Despite setbacks, Reuters has reached a major milestone in plans to overhaul its news production systems, crossing the halfway point in the migration in August.

The new Lynx Editor system, which replaces the decades-old System 77/Coyote, has been successfully adopted in Asia and much of Europe, the Middle East and Africa. More than half of Reuters’ text journalists now rely almost exclusively on Lynx Editor to write, edit and file copy.

This is a big achievement,
Adrian Dickson, pictured, global head, news product, said in a message to editorial staff.

Deployment in Europe is due to be completed by the end of September before moving to the Americas in the last months of the year. Remaining national services in Asia, the Middle East and Europe as well as a handful of smaller teams will start migrating to Lynx Editor in the first quarter of 2012.

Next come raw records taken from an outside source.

(* Fix a single machine with nonnegative real parameters $k^A,k^B,t^A,t^B$, and let $f(a,b)$, $cost^A$, $cost^B$, $mcost^A$ and $cost(a,b,s)$ be as defined in the context. Then for all integers $a,b\ge 0$, $$f(a,b)=\min_{0\le s\le \min(b,a+1)} cost(a,b,s).$$
   Context: A machine processes jobs of two types, A and B, in batches. A schedule for the task-combination $(a,b)$ is a finite sequence of batches, each a nonempty group of jobs of a single type, with consecutive batches of different types, processing exactly $a$ A-jobs and $b$ B-jobs in total. An A-batch of $x$ jobs takes $t^A+k^A x^2$ time units, a B-batch of $x$ jobs takes $t^B+k^B x^2$ time units; the time of a schedule is the sum of its batch times (empty schedule: time $0$). $f(a,b)$ is the minimum time over all schedules for $(a,b)$. For integers $a,s\ge 0$ define $cost^A(a,s)=\min\{s\,t^A+k^A(x_1^2+\dots+x_s^2) : x_1+\dots+x_s=a,\ x_i\in\mathbb{Z}_{\ge 0}\}$ (empty batches allowed here), with $cost^A(0,0)=0$ and $cost^A(a,0)=+\infty$ for $a>0$; $cost^B(b,s)$ is defined analogously with $t^B,k^B$. Define $mcost^A(a,s)=\min\{cost^A(a,s') : s'\in\{s-1,s,s+1\},\ s'\ge 0\}$ and $cost(a,b,s)=cost^B(b,s)+mcost^A(a,s)$, with the usual arithmetic conventions for $+\infty$. *)

From HB Require Import structures.
From mathcomp Require Import all_boot all_order all_algebra.
From mathcomp Require Import boolp classical_sets reals constructive_ereal ereal.
Set Implicit Arguments. Unset Strict Implicit. Unset Printing Implicit Defensive.
Import Order.TTheory GRing.Theory Num.Theory.
Local Open Scope ring_scope.
Local Open Scope classical_set_scope.

(* A batch is a pair (type, size): type = true for A, false for B. *)
Definition batch := (bool * nat)%type.

Section Machine.
Variables (R : realType) (kA kB tA tB : R).

Definition batch_time (p : batch) : R :=
  if p.1 then tA + kA * (p.2 ^ 2)%:R else tB + kB * (p.2 ^ 2)%:R.

Definition sched_time (s : seq batch) : R := \sum_(p <- s) batch_time p.

Definition is_schedule (a b : nat) (s : seq batch) : Prop :=
  [/\ all (fun p : batch => 0 < p.2)%N s,
      sorted (fun p q : batch => p.1 != q.1) s,
      (\sum_(p <- s | p.1) p.2)%N = a &
      (\sum_(p <- s | ~~ p.1) p.2)%N = b].

Definition f (a b : nat) : \bar R :=
  ereal_inf [set (sched_time s)%:E | s in is_schedule a b].

(* cost(a,s) = min { s t + k (x_1^2+...+x_s^2) : x_1+...+x_s = a, x_i >= 0 };
   empty min = +oo (so cost(a,0) = +oo for a>0, cost(0,0) = 0). *)
Definition gcost (t k : R) (a s : nat) : \bar R :=
  \big[Order.min/+oo%E]_(x : {ffun 'I_s -> 'I_a.+1} | (\sum_(i < s) x i)%N == a)
     ((s%:R * t + k * (\sum_(i < s) (x i ^ 2)%N)%:R)%:E).

Definition costA (a s : nat) : \bar R := gcost tA kA a s.
Definition costB (b s : nat) : \bar R := gcost tB kB b s.

Definition mcostA (a s : nat) : \bar R :=
  Order.min (Order.min (costA a s) (costA a s.+1))
            (if s is s'.+1 then costA a s' else +oo%E).

Definition cost (a b s : nat) : \bar R := (costB b s + mcostA a s)%E.

End Machine.

From HB Require Import structures.
From mathcomp Require Import all_boot all_order all_algebra.
From mathcomp Require Import boolp classical_sets reals constructive_ereal ereal.
From mathcomp Require Import zify ring.
Set Implicit Arguments. Unset Strict Implicit. Unset Printing Implicit Defensive.
Import Order.TTheory GRing.Theory Num.Theory.

(* A schedule is determined by the sequences of its A-batch sizes and of its
   B-batch sizes: both have positive entries, their lengths differ by at most
   one, and the time of the schedule is the sum of the costs of the two
   sequences.  Conversely, two such balanced sequences interleave into a
   schedule.  Taking s to be the number of B-batches, every schedule therefore
   costs at least cost(a,b,s), with s <= min(b, a+1).  For the other bound,
   an optimal splitting realising cost^B(b,s) or cost^A(a,s') may have empty
   parts; dropping them and then splitting parts larger than one yields
   min(s,b), resp. min(s',a), positive parts at no greater cost (t, k >= 0),
   and s <= min(b, a+1) keeps the two sequences balanced. *)

Definition sumsq (l : seq nat) : nat := sumn [seq x ^ 2 | x <- l].

Lemma perm_sumsq [l1 l2 : seq nat] : perm_eq l1 l2 -> sumsq l1 = sumsq l2.
Proof. by move=> /(perm_map (fun x => x ^ 2)) /perm_sumn. Qed.

Lemma sumn_le_size [l : seq nat] : all (fun x => x <= 1) l -> sumn l <= size l.
Proof. by elim: l => //= x l IH /andP[x_le1 /IH]; lia. Qed.

Lemma size_le_sumn [l : seq nat] : all (fun x => 0 < x) l -> size l <= sumn l.
Proof. by elim: l => //= x l IH /andP[x_gt0 /IH]; lia. Qed.

Lemma sumn_map_filter_gt0 (g : nat -> nat) (l : seq nat) : g 0 = 0 ->
  sumn [seq g x | x <- l & 0 < x] = sumn (map g l).
Proof. by move=> g0; elim: l => //= -[|x] l /= ->; rewrite ?g0. Qed.

(* While [size l < n <= sumn l] some part [z] exceeds 1; splitting it into [1]
   and [z - 1] adds a part without increasing the sum of squares. *)
Lemma refine_parts (n : nat) (l : seq nat) :
  all (fun x => 0 < x) l -> size l <= n <= sumn l ->
  exists l' : seq nat, [/\ all (fun x => 0 < x) l', size l' = n,
    sumn l' = sumn l & sumsq l' <= sumsq l].
Proof.
move dE: (n - size l) => d; elim: d l dE => [|d IH] l dE l_pos /andP[size_le le_sum].
  by exists l; split => //; lia.
have /hasP[z z_l z_gt1] : has (fun x => 1 < x) l.
  apply/negPn/negP => /hasPn l_le1.
  have : sumn l <= size l.
    by apply: sumn_le_size; apply/allP => x /l_le1; rewrite -leqNgt.
  lia.
have [r l_perm] : exists r : seq nat, perm_eq l (z :: r).
  by exists (rem z l); apply: perm_to_rem.
have l_size : size l = (size r).+1 by rewrite (perm_size l_perm).
have l_sum : sumn l = z + sumn r by rewrite (perm_sumn l_perm).
have [|||l' [l'_pos l'_size l'_sum l'_sq]] := IH [:: 1, z.-1 & r].
- by rewrite /=; lia.
- by move: l_pos; rewrite (perm_all _ l_perm) /= => /andP[_ ->]; rewrite andbT; lia.
- by rewrite /=; lia.
exists l'; split => //; first by rewrite l'_sum /=; lia.
have split_sq : 1 + z.-1 ^ 2 <= z ^ 2 by move: z_gt1; clear; case: z => [|[|w]] //= _; nia.
rewrite (perm_sumsq l_perm); apply: (leq_trans l'_sq); rewrite /sumsq /=; lia.
Qed.

Lemma positive_parts (l : seq nat) :
  exists l' : seq nat, [/\ all (fun x => 0 < x) l', size l' = minn (size l) (sumn l),
    sumn l' = sumn l & sumsq l' <= sumsq l].
Proof.
pose l0 := [seq x <- l | 0 < x].
have l0_sum : sumn l0 = sumn l.
  by have := @sumn_map_filter_gt0 id l erefl; rewrite !map_id.
have l0_sq : sumsq l0 = sumsq l by rewrite /sumsq sumn_map_filter_gt0.
have l0_pos : all (fun x => 0 < x) l0 by apply: filter_all.
have [|l' [l'_pos l'_size l'_sum l'_sq]] := @refine_parts (minn (size l) (sumn l)) l0 l0_pos.
  have := size_le_sumn l0_pos; have := count_size (fun x => 0 < x) l.
  by rewrite size_filter; lia.
by exists l'; split; rewrite ?l'_sum ?l0_sum -?l0_sq.
Qed.

Local Open Scope ring_scope.

Section OneBatchType.
Variables (R : realType) (t k : R).

Definition batches_time (l : seq nat) : R := (size l)%:R * t + k * (sumsq l)%:R.

Lemma batches_timeE (l : seq nat) :
  batches_time l = \sum_(x <- l) (t + k * (x ^ 2)%:R).
Proof.
rewrite /batches_time; elim: l => [|x l IH].
  by rewrite big_nil /sumsq /= mul0r mulr0 addr0.
by rewrite big_cons -IH /sumsq /= natrD; ring.
Qed.

Lemma gcost_le_batches_time (l : seq nat) :
  (gcost t k (sumn l) (size l) <= (batches_time l)%:E)%E.
Proof.
pose x : {ffun 'I_(size l) -> 'I_(sumn l).+1} := [ffun i : 'I__ => inord (nth 0 l i)].
have xE i : x i = nth 0 l i :> nat.
  rewrite ffunE inordK // ltnS sumnE (big_nth 0) big_mkord.
  by rewrite (bigD1 i) //= leq_addr.
apply: (bigmin_inf x).
  apply/eqP; transitivity (\sum_(i < size l) nth 0 l i)%N.
    by apply: eq_bigr => i _; rewrite xE.
  by rewrite sumnE (big_nth 0) big_mkord.
rewrite lee_fin /batches_time; under eq_bigr do rewrite xE.
by rewrite /sumsq sumnE big_map (big_nth 0) big_mkord.
Qed.

Lemma gcost_cases (a s : nat) : gcost t k a s = +oo%E \/
  exists2 l : seq nat, size l = s /\ sumn l = a & gcost t k a s = (batches_time l)%:E.
Proof.
rewrite /gcost; elim/big_ind: _ => [|u v|x /eqP x_sum]; first by left.
- by rewrite minEle; case: ifP.
right; exists [seq (x i : nat) | i <- enum 'I_s].
  by rewrite size_map size_enum_ord sumnE big_map big_enum.
by rewrite /batches_time /sumsq size_map size_enum_ord -map_comp sumnE big_map big_enum.
Qed.

Lemma gcost_neqNy (a s : nat) : gcost t k a s != -oo%E.
Proof. by case: (gcost_cases a s) => [->|[l _ ->]]. Qed.

Hypotheses (t_ge0 : 0 <= t) (k_ge0 : 0 <= k).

“If all goes well by mid 2012 all Reuters journalists will be on the same editing system, capable of sharing stories and communicating with each other via screentop for the first time ever,” Dickson said.

“We’re only halfway there but already it’s been a long journey and not without its challenges. Twice in the last month Lynx users in Asia were forced to shift back briefly to System 77/Coyote following a systems outage that temporarily prevented journalists from using Lynx to edit and file copy.”

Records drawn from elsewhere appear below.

Definition Mmetrised (M : G -> Prop) Gm : Prop :=
  [/\ (forall x, gr Gm (gr Gm x) = gr Gm x),
      (forall x, gi Gm (gi Gm x) = x),
      (forall x, gi Gm x = x <-> gr Gm x = x),
      (0 < #|gX Gm|)%N &
      (forall x y, connect (@adj Gm) x y)] /\
  [/\ (forall x, M (gl Gm x)),
      (forall x, gl Gm (gi Gm x) = gl Gm x) &
      (forall x, gl Gm x = 0 <-> isV x)].

Definition isDiv Gm (D : gX Gm -> int) : Prop := forall x, ~~ isV x -> D x = 0.
Definition effective Gm (D : gX Gm -> int) : Prop := forall x, 0 <= D x.
Definition degree Gm (D : gX Gm -> int) : int := \sum_(x : gX Gm | isV x) D x.

Definition isPL Gm (g : gX Gm -> G) : Prop :=
  forall e, ~~ isV e ->
    exists k : int, g (gr Gm e) - g (gr Gm (gi Gm e)) = gl Gm e *~ k.

Definition Lap Gm (g : gX Gm -> G) (x : gX Gm) : int :=
  if isV x then
    \sum_(e : gX Gm | (gr Gm e == x) && ~~ isV e)
       qdiv (g x - g (gr Gm (gi Gm e))) (gl Gm e)
  else 0.

Definition isPrin Gm (D : gX Gm -> int) : Prop :=
  exists g : gX Gm -> G, isPL g /\ forall x, D x = Lap g x.

Definition linsys_nonempty Gm (D : gX Gm -> int) : Prop :=
  exists E : gX Gm -> int, [/\ isDiv E, effective E & isPrin (fun x => E x - D x)].

Definition rank_ok Gm (D : gX Gm -> int) (k : int) : Prop :=
  forall F : gX Gm -> int, isDiv F -> effective F -> degree F = k ->
    linsys_nonempty (fun x => D x - F x).

Definition is_rank Gm (D : gX Gm -> int) (n : int) : Prop :=
  rank_ok D n /\ forall k, rank_ok D k -> k <= n.

Definition is_morphism Gm Gm' (phi : gX Gm -> gX Gm') : Prop :=
  (forall v, isV v -> isV (phi v)) /\
  forall e, ~~ isV e ->
    (~~ isV (phi e) ->
       [/\ phi (gr Gm e) = gr Gm' (phi e),
           phi (gr Gm (gi Gm e)) = gr Gm' (gi Gm' (phi e)) &
           exists k : int, gl Gm' (phi e) = gl Gm e *~ k]) /\
    (isV (phi e) ->
       phi (gr Gm e) = phi e /\ phi (gr Gm (gi Gm e)) = phi e).

Definition slope Gm Gm' (phi : gX Gm -> gX Gm') (e : gX Gm) : int :=
  if ~~ isV (phi e) then qdiv (gl Gm' (phi e)) (gl Gm e) else 0.

Definition mloc Gm Gm' (phi : gX Gm -> gX Gm') (v : gX Gm) (e' : gX Gm') : int :=
  \sum_(e : gX Gm | [&& gr Gm e == v, ~~ isV e & phi e == e']) slope phi e.

Definition harmonic Gm Gm' (phi : gX Gm -> gX Gm') : Prop :=
  forall v, isV v -> forall e1 e2,
    gr Gm' e1 = phi v -> ~~ isV e1 -> gr Gm' e2 = phi v -> ~~ isV e2 ->
    mloc phi v e1 = mloc phi v e2.

(* m_phi(v): the common value (computed at some half-edge at phi(v));
   convention 1 if H'_{phi(v)} is empty (only when Gm' is a single point). *)
Definition mult Gm Gm' (phi : gX Gm -> gX Gm') (v : gX Gm) : int :=
  match [pick e' | (gr Gm' e' == phi v) && ~~ isV e'] with
  | Some e' => mloc phi v e'
  | None => 1
  end.

Definition non_degenerate Gm Gm' (phi : gX Gm -> gX Gm') : Prop :=
  forall v, isV v -> 0 < mult phi v.

Definition pullback Gm Gm' (phi : gX Gm -> gX Gm') (D' : gX Gm' -> int)
  (x : gX Gm) : int :=
  if isV x then D' (phi x) * mult phi x else 0.

End Graphs.

(* Ranks exist because principal divisors have degree 0, which bounds the rank
   by the degree.  For the inequality, push an effective divisor F of degree k
   on Gm forward to Gm'; if E' lies in |D' - phi_* F|, then
   phi^* E' + (phi^* phi_* F - F) lies in |phi^* D' - F|: it is effective because
   non-degeneracy gives phi^* phi_* F >= F, and pulling back preserves linear
   equivalence because, by harmonicity, phi^* (Lap g) = Lap (g o phi). *)

From mathcomp Require Import all_boot all_order all_algebra.
From mathcomp Require Import zify.
From Stdlib Require Import ClassicalEpsilon.
Set Implicit Arguments. Unset Strict Implicit. Unset Printing Implicit Defensive.
Import Order.TTheory GRing.Theory Num.Theory.
Local Open Scope ring_scope.

Lemma int_max_exists (P : int -> Prop) (k0 B : int) :
  P k0 -> (forall k, P k -> k <= B) -> exists n, P n /\ forall k, P k -> k <= n.
Proof.
move=> Pk0 PB.
pose p (i : nat) : bool :=
  if excluded_middle_informative (P (k0 + i%:Z)) then true else false.
have pP i : reflect (P (k0 + i%:Z)) (p i).
  by rewrite /p; case: excluded_middle_informative; constructor.
have p0 : exists i, p i by exists 0%N; apply/pP; rewrite addr0.
have pB i : p i -> (i <= `|B - k0|)%N by move/pP/PB; lia.
case: (ex_maxnP p0 pB) => i /pP Pi imax.
exists (k0 + i%:Z); split=> // k Pk.
have [kk0|k0k] := ltP k k0; first lia.
have /imax : p `|k - k0|%N by apply/pP; have -> : k0 + `|k - k0|%N%:Z = k by lia.
lia.
Qed.

Section SharpMonoid.
Variables (G : zmodType) (M : G -> Prop) (HM : sharp_integral_monoid M).

Lemma M_mulrn m n : M m -> M (m *+ n).
Proof.
case: HM => M0 MD _ _ Mm; elim: n => [|n IHn]; first by rewrite mulr0n.
by rewrite mulrS; apply: MD.
Qed.

(* Sharpness forces [m *+ n.+1 = m + m *+ n] to be nonzero. *)
Lemma M_mulrz_eq0 m z : M m -> m != 0 -> m *~ z = 0 -> z = 0.
Proof.
move=> Mm m0.
have mulrSn_neq0 n : m *+ n.+1 <> 0.
  case: HM => _ _ Msharp _; rewrite mulrS => /(Msharp _ _ Mm (M_mulrn n Mm)) m_0.
  by rewrite m_0 eqxx in m0.
case: z => [[|n]|n] //; first by move/mulrSn_neq0.
by rewrite NegzE mulrNz => /eqP; rewrite oppr_eq0 => /eqP /mulrSn_neq0.
Qed.

Lemma qdivE x m k : M m -> m != 0 -> x = m *~ k -> qdiv x m = k.
Proof.
move=> Mm m0 xE; rewrite /qdiv; case: excluded_middle_informative => [ex|];
  last by case; exists k.
case: constructive_indefinite_description => k' /= xE'.
apply/eqP; rewrite eq_sym -subr_eq0; apply/eqP; apply: (M_mulrz_eq0 Mm m0).
by rewrite mulrzBr -xE' -xE subrr.
Qed.

End SharpMonoid.

Definition outslope (G : zmodType) (Gm : mgraph G) (g : gX Gm -> G) (e : gX Gm) : int :=
  qdiv (g (gr Gm e) - g (gr Gm (gi Gm e))) (gl Gm e).

Lemma LapE (G : zmodType) (Gm : mgraph G) (g : gX Gm -> G) x :
  Lap g x = if isV x then \sum_(e | (gr Gm e == x) && ~~ isV e) outslope g e else 0.
Proof.
rewrite /Lap; case: ifP => // _.
by apply: eq_big => // e /andP[/eqP <- _].
Qed.

Section MetrisedGraph.
Variables (G : zmodType) (M : G -> Prop) (HM : sharp_integral_monoid M).
Variables (Gm : mgraph G) (HGm : Mmetrised M Gm).

Lemma isV_gr x : isV (gr Gm x).
Proof. by case: HGm => [[grK _ _ _ _] _]; rewrite /isV grK. Qed.

Lemma giK : involutive (gi Gm).
Proof. by case: HGm => [[_ giK _ _ _] _]. Qed.

Lemma isV_gi x : isV (gi Gm x) = isV x.
Proof.
case: HGm => [[_ _ gi_fix _ _] _]; rewrite /isV.
apply/eqP/eqP => [/gi_fix | /gi_fix xE]; last by apply/gi_fix; rewrite giK xE.
by rewrite giK => xE; apply/gi_fix; rewrite {1}xE giK.
Qed.

Lemma M_gl x : M (gl Gm x).
Proof. by case: HGm => [_ [Ml _ _]]. Qed.

Lemma gl_gi x : gl Gm (gi Gm x) = gl Gm x.
Proof. by case: HGm => [_ [_ l_gi _]]. Qed.

Lemma gl_neq0 x : ~~ isV x -> gl Gm x != 0.
Proof. by case: HGm => [_ [_ _ l_eq0]] xE; apply/eqP => /l_eq0; apply/negP. Qed.

Lemma qdiv_gl y x k : ~~ isV x -> y = gl Gm x *~ k -> qdiv y (gl Gm x) = k.
Proof. by move=> xE; apply: (qdivE HM (M_gl x) (gl_neq0 xE)). Qed.

Lemma outslope_gi (g : gX Gm -> G) e :
  isPL g -> ~~ isV e -> outslope g (gi Gm e) = - outslope g e.
Proof.
move=> PLg eE; have [k gE] := PLg e eE.
rewrite /outslope (qdiv_gl eE gE) giK gl_gi; apply: qdiv_gl => //.
by rewrite mulrNz -gE opprB.
Qed.

Lemma degreeB (D E : gX Gm -> int) :
  degree (fun x => D x - E x) = degree D - degree E.
Proof. by rewrite /degree big_split /= sumrN. Qed.

Lemma degree_ge0 (D : gX Gm -> int) : effective D -> 0 <= degree D.
Proof. by move=> D_ge0; apply: sumr_ge0 => x _; apply: D_ge0. Qed.

(* Each edge [{e, gi e}] contributes opposite slopes at its two ends. *)
Lemma degree_Lap (g : gX Gm -> G) : isPL g -> degree (Lap g) = 0.
Proof.
move=> PLg.
have -> : degree (Lap g) = \sum_(e | ~~ isV e) outslope g e.
  rewrite [RHS](partition_big (gr Gm) (fun x : gX Gm => isV x)) /=;
    last by move=> e _; apply: isV_gr.
  apply: eq_bigr => x xV; rewrite LapE xV.
  by apply: eq_bigl => e; rewrite andbC.
set S := \sum_(e | ~~ isV e) _.
suff : S = - S by lia.
rewrite {1}/S (reindex_inj (can_inj giK)) /= -sumrN.
by apply: eq_big => [e|e eE]; rewrite ?isV_gi // outslope_gi // -isV_gi.
Qed.

Lemma degree_isPrin (D E : gX Gm -> int) :
  isPrin (fun x => E x - D x) -> degree E = degree D.
Proof.
case=> g [PLg EDE]; apply/eqP; rewrite -subr_eq0 -degreeB -(degree_Lap PLg).
by apply/eqP; apply: eq_bigr => x _; rewrite EDE.
Qed.

Lemma degree_point v k : isV v -> degree (fun x : gX Gm => if x == v then k else 0) = k.
Proof.
move=> vV; rewrite /degree (bigD1 v) //= eqxx big1 ?addr0 //.
by move=> x /andP[_ /negbTE ->].
Qed.

Lemma rank_ok_le_degree (D : gX Gm -> int) k :
  rank_ok D k -> k <= Num.max (degree D) 0.
Proof.
move=> Dk; rewrite le_max.
have [k_lt0|k_ge0] := ltP k 0; first by rewrite (ltW k_lt0) orbT.
have [v vV] : exists v : gX Gm, isV v.
  by case: HGm => [[_ _ _ /card_gt0P[x _] _] _]; exists (gr Gm x); apply: isV_gr.
have [||| E [_ E_ge0 DE]] := Dk (fun x => if x == v then k else 0).
- by move=> x; case: eqP => // ->; rewrite vV.
- by move=> x; case: eqP.
- exact: degree_point.
have := degree_ge0 E_ge0.
by rewrite (degree_isPrin DE) degreeB degree_point // subr_ge0 => ->.
Qed.

Lemma rank_exists (D : gX Gm -> int) : exists n, is_rank D n.
Proof.
apply: (@int_max_exists _ (-1) _ _ (@rank_ok_le_degree D)).
by move=> F _ F_ge0 degF; have := degree_ge0 F_ge0; rewrite degF.
Qed.

Lemma linsys_nonempty_le (D D2 : gX Gm -> int) :
  (forall x, D x <= D2 x) -> (forall x, ~~ isV x -> D2 x = D x) ->
  linsys_nonempty D -> linsys_nonempty D2.
Proof.
move=> DD2 D2E [E [Ediv E_ge0 [g [PLg EDE]]]].
exists (fun x => E x + (D2 x - D x)); split.
- by move=> x xE; rewrite Ediv // D2E // subrr addr0.
- by move=> x; rewrite addr_ge0 ?subr_ge0.
- by exists g; split=> // x; rewrite -EDE; lia.
Qed.

End MetrisedGraph.

Definition pushforward (G : zmodType) (Gm Gm' : mgraph G) (phi : gX Gm -> gX Gm')
  (D : gX Gm -> int) (y : gX Gm') : int :=
  if isV y then \sum_(x | isV x && (phi x == y)) D x else 0.

Section Pullback.
Variables (G : zmodType) (M : G -> Prop) (HM : sharp_integral_monoid M).
Variables (Gm Gm' : mgraph G) (HGm : Mmetrised M Gm) (HGm' : Mmetrised M Gm').
Variables (phi : gX Gm -> gX Gm') (Hphi : is_morphism phi).
Hypotheses (Hharm : harmonic phi) (Hnd : non_degenerate phi).

Lemma isV_phi v : isV v -> isV (phi v).
Proof. by case: Hphi => phiV _; apply: phiV. Qed.

Lemma mult_mloc v e' : isV v -> gr Gm' e' = phi v -> ~~ isV e' ->
  mult phi v = mloc phi v e'.
Proof.
move=> vV e'v e'E; rewrite /mult; case: pickP => [e'' /andP[/eqP e''v e''E]|none].
  exact: Hharm.
by move: (none e'); rewrite e'v eqxx e'E.
Qed.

The first outage began with a small hardware failure that created instability in a data centre software system. The problem was compounded by errors in incident management. The second was caused by “errors in the release of a database script designed to optimize Lynx Editor performance … Fortunately technical teams learned the lessons of the previous incident and this time they were fast to shift users on to a support system.”

Dickson said: “These setbacks are never welcome. But they’re not unusual in projects of this magnitude given their complexity and spread across several geographies. Nor should we be surprised if we face similar incidents in the future. Over time journalist, support and development teams will become more practiced at anticipating bugs and at reacting quickly and effectively when they arise…

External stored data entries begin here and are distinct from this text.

Lemma laplacian_mx_definite : well_configured arc C ->
  forall u, mxdot u (u *m laplacian_mx) = 0 -> u = 0.
Proof.
move=> C_wc u; rewrite mxdot_laplacian_mx => /laplacian_shift_definite -/(_ arc_sym C_wc) u0.
by rewrite -[u]vecsK u0 /vecs -(linear0 (@mxvec R n m)); congr mxvec; apply/matrixP => a i; rewrite !mxE.
Qed.

End Vectorization.

Theorem theorem4 (R : realType) (m n : nat) (arc : rel 'I_m)
  (rows : 'I_m -> 'I_m -> nat) (C : forall j i, 'M[R]_(rows j i, n))
  (alpha : nat -> R) (x : nat -> 'I_m -> 'cV[R]_n) :
  symmetric_graph arc -> no_self_arcs arc -> strongly_connected arc ->
  well_configured arc C ->
  (forall t, 0 < alpha t) ->
  series alpha @ \oo --> +oo ->
  cvgn (series (fun t => alpha t ^+ 2)) ->
  (forall t i, x t.+1 i =
     x t i - alpha t *: \sum_(j < m | arc j i)
        (((C i j)^T *m C i j + (C j i)^T *m C j i) *m (x t i - x t j))) ->
  exists xstar : 'cV[R]_n, forall i, x t i @[t --> \oo] --> xstar.
Proof.
move=> arc_sym _ _ C_wc alpha_gt0 alpha_div alpha2_cvg x_rec.
have {}x_rec t i : x t.+1 i = x t i - alpha t *: laplacian arc C (x t) i := x_rec t i.
set xbar := m%:R^-1 *: \sum_i x 0 i.
have sum_x t : \sum_i x t i = \sum_i x 0 i.
  elim: t => // t IH; under eq_bigr do rewrite x_rec.
  by rewrite sumrB -scaler_sumr sum_laplacian // scaler0 subr0.
pose y t i := x t i - xbar.
have y_rec t : y t.+1 = (fun i => - alpha t *: laplacian_shift arc C (y t) i + y t i).
  apply: funext => i; rewrite /laplacian_shift laplacian_subr.
  by rewrite /y /xbar -(sum_x t) sum_sub_mean addr0 x_rec scaleNr addrAC addrC.
have u_rec k : vecs (y k.+1) = vecs (y k) - alpha k *: (vecs (y k) *m laplacian_mx arc C).
  by rewrite y_rec vecs_lin mul_vecs_laplacian_mx scaleNr addrC.
have energy_cvg0 := posdef_iteration_cvg0 (laplacian_mx_selfadjoint C arc_sym)
  (laplacian_mx_psd C arc_sym) (laplacian_mx_definite arc_sym C_wc) alpha_gt0 u_rec
  alpha_div alpha2_cvg.
exists xbar => i; apply/subr_cvg0; apply: mxdot_le_cvg0 energy_cvg0 => t.
by rewrite mxdot_vecs; apply: mxdot_le_state_dot.
Qed.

“We remain confident Lynx has the resiliency to manage the 10,000 plus stories that are filed over Reuters systems on most weekdays. We are also convinced Lynx is robust enough to continue to grow with us as demand for our news increases in the future.”

SOURCE Reuters

How Reuters beat Irene

Reuters fielded more photographers to cover Hurricane Irene than on any other story in recent memory.

Editor-in-chief
Stephen Adler, thanking text, visuals staff and stringers for a strong performance, did not say how many photographers were out in the storm that shut down New York last weekend. The story provided a great opportunity to showcase Reuters’ breadth and expertise, he said.

“Some of our journalists hunkered down near Irene’s path to chronicle the storm’s destruction. TV put out 23 live signals over three days, totaling more than 20 hours of live cover. We had more photographers in motion on this story than any other in recent memory. Text reported on the human impact of the story, the effects on power companies and their customers, the mass transit lockdown in New York City, the likely impact on Wall Street trading, the corporate winners and losers, the flooding across New Jersey and Vermont, and the costs to federal and state government, the economy and the insurance companies.

“Staff in Miami, Washington, New York and Boston, tracked the storm’s path, reported on Irene’s effects locally, wrote our trunk stories, blogged for
Reuters.com, edited and filed to our clients, and directed our coverage. Many spent the weekend in local hotels to ensure they could get to the office, some returning home later to deal with flooded basements. Other U.S. bureaus not directly involved in coverage and editing centers in London and Asia volunteered to help if necessary. And the editorial technical and facilities staff worked with us every step of the way to ensure we had what we needed to cover the story.”